The two closed their eyes for a moment, searching the structure for psychological presences. After a moment, the men opened their eyes and held up one finger. The one on the right said, “I’m picking up one, but it’s weak.”
Marvin flushed and glanced around the milling workers gathered in the grass at the edge of the lot. “There shouldn’t be anyone in there! Our workers are all out here.” He consulted a small device from his pocket. “The last visitor checked out over an hour ago.”
Hadyn touched Marvin’s arm. “Calm down, we’ll get them out safe. That’s what’s important here. After that, your security team can sort out any breaches.” He turned back to his crew and pointed to the two young women with a bright blue circular swirl on each of their right arms. “Remain on standby, we won’t try to suffocate the fire by removing the air, but we might need you to direct airflow to the victim once we’ve contained this.”
Looking to the last four, two men and three women with dark red triangles pointing up in a triad on their shoulders, Hadyn said, “we’re going to start by suppressing the fuel source. If we cannot suppress the source, we’ll have to bring the flames down and douse them with water. Let's get going.”

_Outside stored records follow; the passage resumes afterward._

Lemma count_round_steps v n w :
  count_mem v (round_steps n w) <=
  \sum_(u <- traject round w n) (count_mem v (path1 u) + count_mem v (path2 (end1 u))).
Proof.
elim: n w => [|n IHn] w; first by rewrite big_nil.
by rewrite /round_steps /= big_cons !count_cat leq_add ?IHn ?leq_add ?count_mem_behead.
Qed.

Lemma count_round_walk v n w : w \in X ->
  count_mem v (round_walk n.+1 w) <=
  \sum_(u <- traject round w n.+1) (count_mem v (path1 u) + count_mem v (path2 (end1 u))).
Proof.
move=> wX; rewrite big_cons.
rewrite -[round_walk _ _]/(((w :: behead (path1 w)) ++ behead (path2 (end1 w)))
  ++ round_steps n (round w)).
rewrite -(linkage_pathE link1 wX) !count_cat leq_add ?count_round_steps //.
by rewrite leq_add2l count_mem_behead.
Qed.

Lemma round_walks_congestion v (Zs : seq V) (len : V -> nat) :
  (forall z, z \in Zs -> 0 < len z) ->
  uniq (flatten [seq traject round z (len z) | z <- Zs]) ->
  {subset flatten [seq traject round z (len z) | z <- Zs] <= X} ->
  \sum_(z <- Zs) count_mem v (round_walk (len z) z) <= 2.
Proof.
set Us := flatten _ => len_gt0 uUs UsX.
apply: (@leq_trans (\sum_(u <- Us)
    (count_mem v (path1 u) + count_mem v (path2 (end1 u))))); last first.
  have uUs2 : uniq (map end1 Us).
    by rewrite map_inj_in_uniq // => x y /UsX xX /UsX yX; apply: (linkage_end_inj link1 xX yX).
  have Us2Y : {subset map end1 Us <= Y}.
    by move=> y /mapP[x /UsX xX ->]; apply: (linkage_end_in link1 xX).
  rewrite big_split -(big_map end1 predT (fun y => count_mem v (path2 y))) /=.
  exact: leq_add (linkage_path_count link1 v uUs UsX) (linkage_path_count link2 v uUs2 Us2Y).
rewrite big_flatten big_map big_seq [leqRHS]big_seq; apply: leq_sum => z zZs.
have := len_gt0 z zZs; case lenz: (len z) => [//|n] _.
apply: count_round_walk; apply: UsX; apply/flattenP; exists (traject round z (len z)).
  exact: map_f.
by rewrite lenz mem_head.
Qed.

Lemma round_walk_halves n z : z \in X ->
  before_on (round_walk (n + n) z)
    [set y in traject round z n] [set y in traject round (iter n round z) n].
Proof.
case: n => [|n] zX; first by exists 0; split=> y; rewrite inE.
exists (size (round_walk n z)).
rewrite addSnnS /round_walk round_stepsD -cat_cons take_size_cat ?drop_size_cat //.
split=> y; rewrite inE => /trajectP[i lt_in ->].
  case: i lt_in => [|i] lt_in; first exact: mem_head.
  by rewrite inE iter_round_mem_steps ?orbT.
rewrite -iterD addnS -addSn iterD iter_round_mem_steps ?iter_round_in //.
exact: ltnW.
Qed.

Definition orbit_cycle r := closed_walk_cycle r (round_steps (order round r) r).

Lemma orbit_cycleP r : r \in X ->
  is_dcycle E (orbit_cycle r) /\ {subset orbit_cycle r <= round_walk (order round r) r}.
Proof.
move=> rX; apply: closed_walk_cycleP; first exact: path_round_steps.
  by rewrite last_round_steps // (iter_order round_inj).
apply/eqP=> steps0; have := iter_round_mem_steps (i := 0) rX (order_gt0 round r).
by rewrite steps0.
Qed.

Lemma orbit_cycle_packing (R : seq V) :
  uniq (flatten [seq orbit round r | r <- R]) ->
  {subset flatten [seq orbit round r | r <- R] <= X} ->
  half_integral_cycle_packing E (size R) [seq orbit_cycle r | r <- R].
Proof.
move=> uniqO OX.
have RX r : r \in R -> r \in X.
  by move=> rR; apply: OX; apply/flattenP; exists (orbit round r); rewrite ?map_f ?in_orbit.
have uniqR : uniq R by apply: (uniq_of_uniq_flatten uniqO) => r _; apply: in_orbit.
pose walk r := round_walk (order round r) r.
have congestion v : \sum_(r <- R) count_mem v (walk r) <= 2.
  by apply: round_walks_congestion => // r _; apply: order_gt0.
have in_walk v r : r \in R -> v \in orbit_cycle r -> 0 < count_mem v (walk r).
  by move=> rR /(orbit_cycleP (RX r rR)).2; rewrite -has_count has_pred1.
split.
- by rewrite size_map.
- by apply/allP => c /mapP[r rR ->]; case: (orbit_cycleP (RX r rR)).
- (* The closed walk of r visits r twice, so no other cycle may pass through r. *)
  rewrite -map_comp map_inj_in_uniq // => r r' rR r'R /= same_arcs.
  apply/eqP; apply: contraT => rr'.
  have rr : (r, next (orbit_cycle r) r) \in cycle_arcs (orbit_cycle r).
    by rewrite inE /= mem_head eqxx.
  have r_twice : 1 < count_mem r (walk r).
    have := iter_round_mem_steps (n := order round r) (i := (order round r).-1) (RX r rR).
    rewrite prednK ?order_gt0 // (iter_order round_inj) => /(_ (leqnn _)).
    by rewrite /walk /= eqxx ltnS -has_count has_pred1.
  have r_in_r' : 0 < count_mem r (walk r').
    by apply: in_walk => //; move: rr; rewrite same_arcs inE => /andP[].
  have := leq_add_sum_seq (fun x => count_mem r (walk x)) uniqR rR r'R rr'.
  by move/(leq_trans (leq_add r_twice r_in_r'))/leq_trans/(_ (congestion r)).
- move=> v; rewrite count_map; apply: leq_trans (congestion v).
  by apply: count_le_sum => r rR; apply: in_walk.
Qed.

Hadyn and the nine Elemental Manipulators tapped the button on the right collar of their uniforms, causing a transparent film-like hood to close over their heads. With a hiss, tanks on their backs began circulating airflow around each air-tight apparatus. The six Fire Manipulators marched through the open door into the warehouse towards the orange glow of the flames. As they approached, they held out their hands feeling for the vibrations of the ignited fuel sources.
Sensing no suppressible fuel source, Hadyn moved his hands to the sides and patted the air to his sides, wordlessly communicating that the Manipulators were to work on the flames instead of dampening the fuel source. He then tapped a red comm button under his chin on the collar of his uniform. The red light turned green, indicating an open line to the crew. “Mandy, Ron, we’re bringing the flames down. We need you to get the water ready.”
While Hadyn was giving this order the Fire Manipulators with him raised their hands to the flames and, like maestros signaling a decrescendo, brought their hands down toward the ground. The glow began to dull as the fire began to die down. The inferno, which was licking the ceiling when the group entered the building subsided, with the highest of the flames no taller than the shortest of the teenage crew.
Hadyn tapped the comm again, “OK, get the water in here now. Jess, Ell, get ready to move some air.”